On this problem, we have a range which can be updated instead of a single element.

Based on the above drawing you can see now that when updating a range the main problem we face is that on the higher levels of the tree, an internal node can be updated several times.

As such instead of performing multiple updates to a single internal node (like you know, doing several single updates multiple times which would take linear time on the number of updates) we can mark some of the nodes as lazy. We do this presumably from all I’ve seen, by adding a flag on each node which marks the number of times it will be updated and then according to the values of these flags we go up in the tree one more time and update all the nodes taking still logarithmic time to update a range (maybe this is total bullshit idk really).

How to implement this…No idea…What can I say I’m a theory kind of guy xD

I’ve been lately reading and re-reading this over and over:

but, I still haven’t managed to code anything on my own…

Hope this can help you or at least motivate someone more skilled to add some insights to this…

Best,

Bruno

6 Likes

Hi.
This is my code to FLIPCOIN.
http://pastebin.com/4gsLkjff
I think it might help, because i commented it.
UPD1: M is segment tree size.
UPD2: It reminded me the very simmilar task :
2 types of queries :
-> flip(a,b)
-> count_inversions(a,b)

So let’s start by creating 2 arrays that store the segment tree and the flag value for lazy update
`ST[size], lazy[size]`, the size here can be calculated by a certain formula for the no of nodes that our segment tree will contain, which you can look up, by a general idea you can take size = 3*10^6 for N = 10^6. Note that the coins are numbered from 0 to N-1.

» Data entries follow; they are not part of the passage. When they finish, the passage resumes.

Lemma strict_edge3 P u v w :
  strict_edge P [set u; v; w] -> two_valued (pblock P u) (pblock P v) (pblock P w).
Proof.
case/andP=> /existsP[x /andP[xE /existsP[y /andP[yE /andP[xy /eqP Pxy]]]]].
case/existsP=> x' /andP[x'E /existsP[y' /andP[y'E Pxy']]].
apply/andP; split.
  move: xE yE xy Pxy; rewrite !inE -!orbA.
  by case/or3P=> /eqP->; case/or3P=> /eqP->; rewrite ?eqxx // => _ ->; rewrite eqxx ?orbT.
apply: contra Pxy' => /andP[/eqP Puv /eqP Pvw].
by move: x'E y'E; rewrite !inE -!orbA; case/or3P=> /eqP->; case/or3P=> /eqP->; rewrite ?Puv ?Pvw.
Qed.

Lemma eq_preim_partition (V W : eqType) (f : T -> V) (g : T -> W) D :
  {in D &, forall x y, (f x == f y) = (g x == g y)} -> preim_partition f D = preim_partition g D.
Proof.
move=> fg; apply: eq_in_imset => x xD; apply/setP => y; rewrite !inE.
by apply: andb_id2l => yD; apply: fg.
Qed.

Lemma pblock_preim_partition (U : eqType) (f : T -> U) D :
  {in D &, forall x y,
    (pblock (preim_partition f D) x == pblock (preim_partition f D) y) = (f x == f y)}.
Proof.
move=> x y xD yD; have /and3P[/eqP cov triv _] := preim_partitionP f D.
rewrite eq_pblock ?cov // (@pblock_equivalence_partition _ (fun x y => f x == f y)) //.
by split=> // /eqP->.
Qed.

Lemma partition_preimE (U : eqType) P D (f : T -> U) :
  partition P D -> {in D &, forall x y, (pblock P x == pblock P y) = (f x == f y)} ->
  P = preim_partition f D.
Proof. by move=> PD Pf; rewrite -{1}(preim_partition_pblock PD); apply: eq_preim_partition. Qed.
Section Averages.
Variable T : finType.
Implicit Types (A : {set T}) (f h : T -> rat).

Lemma ler_avg A f h : (forall x, x \in A -> f x <= h x) -> avg A f <= avg A h.
Proof. by move=> fh; rewrite /avg ler_wpM2r ?invr_ge0 ?ler0n // ler_sum. Qed.

Lemma avg_affine A (c a : rat) f :
  A != set0 -> avg A (fun x => c + a * f x) = c + a * avg A f.
Proof.
move=> A0; have cA : #|A|%:R != 0 :> rat by rewrite pnatr_eq0 cards_eq0.
by rewrite /avg big_split /= sumr_const -big_distrr /= -mulr_natr; field.
Qed.

Lemma avg_cst A (c : rat) : A != set0 -> avg A (fun _ => c) = c.
Proof.
move=> A0; have cA : #|A|%:R != 0 :> rat by rewrite pnatr_eq0 cards_eq0.
by rewrite /avg sumr_const -mulr_natr; field.
Qed.

End Averages.

Lemma ler_avg2 (T U : finType) (A : {set T}) (W : T -> {set U}) (F : T -> U -> rat)
    (c a : rat) (h : T -> rat) :
  A != set0 -> (forall x, x \in A -> W x != set0) ->
  (forall x y, x \in A -> y \in W x -> F x y <= c + a * h x) ->
  avg A (fun x => avg (W x) (F x)) <= c + a * avg A h.
Proof.
move=> A0 W0 Fh; rewrite -avg_affine //; apply: ler_avg => x xA.
by rewrite -(avg_cst (c + a * h x) (W0 x xA)); apply: ler_avg => y; apply: Fh.
Qed.

Section NatIndexedSums.
Variables (R : numDomainType) (f : nat -> R).
Hypothesis f_ge0 : forall m, 0 <= f m.

Lemma ler_sum_nat_subrange a b c : (b <= c)%N ->
  \sum_(a <= u < b) f u <= \sum_(0 <= u < c) f u.
Proof.
move=> bc; have [ab | ba] := leqP a b; last by rewrite big_geq ?sumr_ge0 // ltnW.
rewrite (@big_cat_nat _ _ _ a 0 c) //=; last exact: leq_trans bc.
rewrite (@big_cat_nat _ _ _ b a c) //= addrCA -[leLHS]addr0 lerD //.
by rewrite addr_ge0 // sumr_ge0.
Qed.

Hypothesis f_le1 : forall m, f m <= 1.

(* Because of truncated subtraction the terms with u > a are all f 0. *)
Lemma sum_subn_le a w :
  \sum_(0 <= u < w) f (a - u)%N <= (w - a)%N%:R + \sum_(0 <= m < a.+1) f m.
Proof.
elim: a w => [|a IHa] w.
  rewrite big_nat1; under eq_bigr => u _ do rewrite sub0n.
  rewrite sumr_const_nat subn0 -[leLHS]addr0 lerD //.
  by rewrite -[leRHS]/(1 *+ w) lerMn2r f_le1 orbT.
case: w => [|w]; first by rewrite big_geq // sub0n add0r sumr_ge0.
rewrite big_nat_recl // subn0 subSS.
under eq_bigr => u _ do rewrite subSS.
by rewrite big_nat_recr //= addrA addrC lerD.
Qed.

End NatIndexedSums.

Section MeetProbability.
Variables n k : nat.
Hypotheses (k_ge2 : (2 <= k)%N) (k_le_n : (k <= n)%N).

(* The k-subsets meeting a fixed a-set in no vertex, or in exactly one. *)
Definition nmeet_le1 (a : nat) : nat := 'C(n - a, k) + a * 'C(n - a, k.-1).
Definition beta (a : nat) : rat := (nmeet_le1 a)%:R / 'C(n, k)%:R.
Definition beta_total : rat := \sum_(0 <= a < n.+1) beta a.

Lemma ksets_neq0 : ksets n k != set0.
Proof. by rewrite -card_gt0 card_draws card_ord bin_gt0. Qed.

Lemma nmeet_le1_nonincr a b : (a <= b)%N -> (nmeet_le1 b <= nmeet_le1 a)%N.
Proof.
move=> /subnK <-; elim: (b - a)%N => [|c IHc] //; rewrite addSn.
apply: leq_trans IHc; rewrite /nmeet_le1; set m := (c + a)%N.
have [k' ->] : exists k', k = k'.+2 by exists k.-2; lia.
have [mn | nm] := ltnP m n.
  have -> : (n - m = (n - m.+1).+1)%N by lia.
  by rewrite !binS /=; nia.
have -> : (n - m = 0)%N by lia.
have -> : (n - m.+1 = 0)%N by lia.
by rewrite !bin0n muln0.
Qed.

Lemma ler_beta a b : (a <= b)%N -> beta b <= beta a.
Proof.
move=> ab; rewrite /beta ler_pM2r ?invr_gt0 ?ltr0n ?bin_gt0 // ler_nat.
exact: nmeet_le1_nonincr.
Qed.

Lemma beta_ge0 a : 0 <= beta a.
Proof. by rewrite /beta divr_ge0. Qed.

Lemma beta_le1 a : beta a <= 1.
Proof.
apply: le_trans (ler_beta (leq0n a)) _.
by rewrite /beta /nmeet_le1 subn0 mul0n addn0 divff // pnatr_eq0 -lt0n bin_gt0.
Qed.

Lemma beta_totalE : beta_total = 2 * n.+1%:R / k.+1%:R.
Proof.
rewrite /beta_total /beta -big_distrl /= -natr_sum.
have -> : (\sum_(0 <= a < n.+1) nmeet_le1 a = 2 * 'C(n.+1, k.+1))%N.
  rewrite big_split /= sum_bin_subn.
  by case: k k_ge2 => [|[|k']] // _ /=; rewrite sum_mul_bin_subn addnn -mul2n.
apply/eqP; rewrite eqr_div ?pnatr_eq0 -?lt0n ?bin_gt0 // -!natrM.
by rewrite -!mulnA mul_bin_diag [(k.+1 * _)%N]mulnC.
Qed.

Lemma beta_total_ge0 : 0 <= beta_total.
Proof. by rewrite sumr_ge0 // => a _; apply: beta_ge0. Qed.

Lemma beta_total_le : beta_total <= 4 * (n%:R / k%:R).
Proof.
have k0 : 0 < k%:R :> rat by rewrite ltr0n; lia.
rewrite beta_totalE mulrA ler_pdivrMr // mulrAC ler_pdivlMr // -!natrM ler_nat; nia.
Qed.

Lemma avg_meet_le1 (A : {set 'I_n}) :
  avg (ksets n k) (fun V => (#|V :&: A| <= 1)%N%:R) = beta #|A|.
Proof.
rewrite /avg /ksets card_draws card_ord /beta -natr_sum big_mkcond /=.
rewrite (eq_bigr (fun V : {set 'I_n} => ((#|V| == k) && (#|V :&: A| <= 1)%N) : nat));
  last by move=> V _; rewrite inE; case: (#|V| == k).
rewrite sum_nat_bool.
congr (_%:R / _).
set S0 := [set V : {set 'I_n} | (#|V| == k) && (V :&: A == set0)].
set S1 := [set V : {set 'I_n} | (#|V| == k.-1.+1) && (#|V :&: A| == 1)].
have -> : [set V : {set 'I_n} | #|V| == k & #|V :&: A| <= 1]%N = S0 :|: S1.
  apply/setP => V; rewrite !inE prednK ?(ltnW k_ge2) // -andb_orr -cards_eq0.
  by case: #|V :&: A| => [|[|m]].
have S01 : S0 :&: S1 = set0.
  by apply/setP => V; rewrite !inE -cards_eq0; case: #|V :&: A| => [|m]; rewrite /= ?andbF.
by rewrite cardsU S01 cards0 subn0 card_draws_disjoint card_draws_meet1 card_ord.
Qed.

End MeetProbability.

Section DegreeStates.
Variable n : nat.
Implicit Types (d : degs n) (V W : {set 'I_n}) (p : 'I_n * 'I_n).

Definition deg0 d := [set v | d v == 0%N].
Definition deg1 d := [set v | d v == 1%N].
Definition has_edges d (s : nat) := (\sum_v d v == 2 * s)%N.

Lemma card_deg0_le_n d : (#|deg0 d| <= n)%N.
Proof. by rewrite -[leqRHS]card_ord max_card. Qed.

Lemma card_deg0_lb d s : has_edges d s -> (n <= #|deg0 d| + 2 * s)%N.
Proof.
move=> /eqP <-; rewrite /deg0 -sum_nat_bool -big_split /= -{1}(card_ord n) -sum1_card.
by apply: leq_sum => v _; case: (d v).
Qed.

Lemma card_deg1_lb d s : has_edges d s -> (2 * (n - #|deg0 d|) <= 2 * s + #|deg1 d|)%N.
Proof.
move=> /eqP Ed.
suff : (2 * n <= 2 * #|deg0 d| + #|deg1 d| + \sum_v d v)%N by rewrite Ed; lia.
rewrite /deg0 /deg1 -!sum_nat_bool -{1}(card_ord n) -sum1_card !big_distrr /= -!big_split.
by apply: leq_sum => v _; case: (d v) => [|[|m]].
Qed.

Lemma has_edges_add_edge d s p : has_edges d s -> has_edges (add_edge d p) s.+1.
Proof.
move=> /eqP Ed; rewrite /has_edges.
under eq_bigr => v _ do rewrite ffunE.
rewrite !big_split /= Ed !sum_nat_bool.
rewrite (@eq_card1 _ p.1) ?(@eq_card1 _ p.2) => [|v|v]; rewrite ?inE //.
by rewrite -addnA mulnS addnC.
Qed.

Lemma deg0_add_edge d p : deg0 (add_edge d p) = deg0 d :\ p.1 :\ p.2.
Proof.
apply/setP => v; rewrite !inE ffunE !addn_eq0 !eqb0.
by rewrite andbC [X in _ && X]andbC andbA.
Qed.

Lemma card_deg0_add_edge d p : (#|deg0 (add_edge d p)| <= #|deg0 d|)%N.
Proof.
by rewrite deg0_add_edge; apply/subset_leq_card/(subset_trans (subsetDl _ _))/subsetDl.
Qed.

Lemma card_deg0_add_edge00 d p : p.1 != p.2 -> d p.1 = 0%N -> d p.2 = 0%N ->
  #|deg0 (add_edge d p)|.+2 = #|deg0 d|.
Proof.
move=> p12 d1 d2; rewrite deg0_add_edge.
rewrite [in RHS](cardsD1 p.1) [in RHS](cardsD1 p.2 (deg0 d :\ p.1)).
by rewrite !inE d1 d2 eq_sym p12.
Qed.

Lemma dpairs_neq0 W : (2 <= #|W|)%N -> dpairs W != set0.
Proof.
move=> W2; have /card_gt0P [x xW] : (0 < #|W|)%N by apply: leq_trans W2.
have /card_gt0P [y] : (0 < #|W :\ x|)%N by move: W2; rewrite (cardsD1 x) xW.
by rewrite !inE => /andP[yx yW]; apply/set0Pn; exists (x, y); rewrite inE /= xW yW eq_sym yx.
Qed.

Lemma card_cand d V (k : nat) : V \in ksets n k -> (2 <= k)%N -> (2 <= #|cand d V|)%N.
Proof. by rewrite inE => /eqP cV k2; rewrite /cand; do 2?case: ifP => //; rewrite cV. Qed.

End DegreeStates.

Section EdgeCosts.
Variable n : nat.
Implicit Types (s i j : nat) (d : degs n) (V : {set 'I_n}) (p : 'I_n * 'I_n).

Lemma rg_cost_le1 s i j : rg_cost n s i j <= 1.
Proof.
rewrite /rg_cost /is_red; case: (is_green n s i j); rewrite ?andbF ?addr0 ?add0r //.
by case: (_ && _).
Qed.

Lemma rg_cost00 s : (2 * s < n)%N -> rg_cost n s 0 0 = 0.
Proof. by move=> sn; rewrite /rg_cost /is_red /is_blue /is_green /= (ltnW sn) andbF. Qed.

Lemma rg_cost11 s : (n <= 2 * s)%N -> rg_cost n s 1 1 = 0.
Proof. by move=> ns; rewrite /rg_cost /is_red /is_blue /is_green /= ns ltnNge ns. Qed.

Lemma dpairs_cand_deg0 d V p : (2 <= #|V :&: deg0 d|)%N ->
  p \in dpairs (cand d V) -> [/\ p.1 != p.2, d p.1 = 0%N & d p.2 = 0%N].
Proof.
move=> V2; rewrite /cand /Vd setIdE -/(deg0 d) V2 inE => /and3P[].
by rewrite !inE => /andP[_ /eqP ->] /andP[_ /eqP ->].
Qed.

Lemma dpairs_cand_deg1 d V p : (#|V :&: deg0 d| < 2)%N -> (2 <= #|V :&: deg1 d|)%N ->
  p \in dpairs (cand d V) -> [/\ p.1 != p.2, d p.1 = 1%N & d p.2 = 1%N].
Proof.
rewrite /cand /Vd !setIdE -/(deg0 d) -/(deg1 d) ltnNge => /negPf -> V2.
rewrite V2 inE => /and3P[].
by rewrite !inE => /andP[_ /eqP ->] /andP[_ /eqP ->].
Qed.

Lemma early_step_le s d V p : (2 * s < n)%N -> p \in dpairs (cand d V) ->
  rg_cost n s (d p.1) (d p.2) + 3 / 2 * #|deg0 (add_edge d p)|%:R
    <= 3 / 2 * #|deg0 d|%:R - 3 + 4 * (#|V :&: deg0 d| <= 1)%N%:R.
Proof.
move=> sn pV; have := rg_cost_le1 s (d p.1) (d p.2).
have : #|deg0 (add_edge d p)|%:R <= #|deg0 d|%:R :> rat by rewrite ler_nat card_deg0_add_edge.
case: (ltnP 1 #|V :&: deg0 d|) => [V2 | _] /=; last by lra.
have [p12 d1 d2] := dpairs_cand_deg0 V2 pV.
rewrite d1 d2 (rg_cost00 sn) -(card_deg0_add_edge00 p12 d1 d2) -addn2 natrD; lra.
Qed.

Lemma late_step_le s d V p : (n <= 2 * s)%N -> p \in dpairs (cand d V) ->
  rg_cost n s (d p.1) (d p.2) + #|deg0 (add_edge d p)|%:R / 2
    <= #|deg0 d|%:R / 2 + (#|V :&: deg1 d| <= 1)%N%:R.
Proof.
move=> ns pV; have := rg_cost_le1 s (d p.1) (d p.2).
have : #|deg0 (add_edge d p)|%:R <= #|deg0 d|%:R :> rat by rewrite ler_nat card_deg0_add_edge.
have : 0 <= (#|V :&: deg1 d| <= 1)%N%:R :> rat by [].
case: (ltnP 1 #|V :&: deg0 d|) => [V02 | V01] /=.
  have [p12 d1 d2] := dpairs_cand_deg0 V02 pV.
  rewrite -(card_deg0_add_edge00 p12 d1 d2) -addn2 natrD; lra.
case: (ltnP 1 #|V :&: deg1 d|) => [V12 | _] /=; last by lra.
have [p12 d1 d2] := dpairs_cand_deg1 V01 V12 pV.
rewrite d1 d2 (rg_cost11 ns); lra.
Qed.

End EdgeCosts.

Section Potential.
Variables n k : nat.
Hypotheses (k_ge2 : (2 <= k)%N) (k_le_n : (k <= n)%N).
Local Notation beta := (beta n k).
Local Notation beta_total := (beta_total n k).
Implicit Types (s z : nat) (d : degs n).

Definition late_tail s z : rat := \sum_(s <= u < n) beta (2 * (n - z) - 2 * u).

(* The coefficient 3/2 is what makes early_pot dominate late_pot at time n/2,
   because late_tail is at most z + beta_total there (late_tail_le). *)
Definition early_pot s d : rat := 3 / 2 * (#|deg0 d|%:R + (2 * s)%N%:R - n%:R)
  + 4 * \sum_(s <= u < uphalf n) beta (n - 2 * u) + beta_total.
Definition late_pot s d : rat := #|deg0 d|%:R / 2 + late_tail s #|deg0 d|.
Definition pot s d : rat := if (2 * s < n)%N then early_pot s d else late_pot s d.

Lemma late_tail_le s z : (z <= n)%N -> late_tail s z <= z%:R + beta_total.
Proof.
move=> zn; have beta0 := beta_ge0 n k.
apply: (@le_trans _ _ (\sum_(s <= u < n) beta (n - z - u))).
  by apply: ler_sum_nat => u _; apply: (ler_beta k_ge2 k_le_n); lia.
apply: le_trans (@ler_sum_nat_subrange _ (fun u => beta (n - z - u)) (fun _ => beta0 _)
  s n n (leqnn n)) _.
apply: le_trans (sum_subn_le beta0 (beta_le1 k_ge2 k_le_n) _ _) _.
rewrite (_ : n - (n - z) = z)%N; last lia.
by rewrite lerD // ler_sum_nat_subrange //; lia.
Qed.

Lemma late_tail_step s z : (s < n)%N ->
  late_tail s z = beta (2 * (n - z) - 2 * s) + late_tail s.+1 z.
Proof. by move=> sn; rewrite /late_tail big_ltn. Qed.

Lemma late_tail_le_deg0 s z z' : (z' <= z)%N -> late_tail s z' <= late_tail s z.
Proof. by move=> zz; apply: ler_sum_nat => u _; apply: (ler_beta k_ge2 k_le_n); lia. Qed.

Lemma early_sum_le : \sum_(0 <= u < uphalf n) beta (n - 2 * u) <= 1 + beta_total.
Proof.
have beta0 := beta_ge0 n k; have half_n := odd_double_half n.
apply: (@le_trans _ _ (\sum_(0 <= u < uphalf n) beta (n./2 - u))).
  by apply: ler_sum_nat => u _; apply: (ler_beta k_ge2 k_le_n); rewrite -muln2 in half_n; lia.
apply: le_trans (sum_subn_le beta0 (beta_le1 k_ge2 k_le_n) _ _) _.
apply: lerD; first by rewrite uphalf_half addnK lern1 leq_b1.
by rewrite ler_sum_nat_subrange //; rewrite -muln2 in half_n; lia.
Qed.

Lemma late_pot_le_early_pot s d : (n <= 2 * s)%N -> late_pot s d <= early_pot s d.
Proof.
move=> ns; rewrite /late_pot /early_pot.
have := late_tail_le s (card_deg0_le_n d).
have : n%:R <= (2 * s)%N%:R :> rat by rewrite ler_nat.
have : 0 <= \sum_(s <= u < uphalf n) beta (n - 2 * u).
  by apply: sumr_ge0 => u _; apply: beta_ge0.
by have := beta_total_ge0 n k; lra.
Qed.

Lemma pot_ge0 s d : has_edges d s -> 0 <= pot s d.
Proof.
move=> /card_deg0_lb zs; rewrite /pot; case: ifP => _.
  rewrite /early_pot; have : n%:R <= #|deg0 d|%:R + (2 * s)%N%:R :> rat.
    by rewrite -natrD ler_nat.
  have : 0 <= \sum_(s <= u < uphalf n) beta (n - 2 * u).
    by apply: sumr_ge0 => u _; apply: beta_ge0.
  by have := beta_total_ge0 n k; lra.
by rewrite /late_pot addr_ge0 ?divr_ge0 // sumr_ge0 // => u _; apply: beta_ge0.
Qed.

Definition step_avg (d : degs n) (F : {set 'I_n} -> 'I_n * 'I_n -> rat) : rat :=
  avg (ksets n k) (fun V => avg (dpairs (cand d V)) (F V)).

Lemma ler_step_avg d F (c a : rat) (h : {set 'I_n} -> rat) :
  (forall V p, p \in dpairs (cand d V) -> F V p <= c + a * h V) ->
  step_avg d F <= c + a * avg (ksets n k) h.
Proof.
move=> Fh; apply: ler_avg2 (ksets_neq0 k_le_n) _ (fun V p _ => Fh V p) => V VK.
exact: dpairs_neq0 (card_cand d VK k_ge2).
Qed.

The children of the current node in the segment tree are `(2*currentNode), (2*currentNode+1)`.

Initially those arrays will contain 0(all coins are kept tails up). Before understanding the update function, I am going to talk about the query function, lets assume that we have updated certain no of queries in our segment tree, then our query function is going to look something like this :

Note : that this does not contain the lazy part.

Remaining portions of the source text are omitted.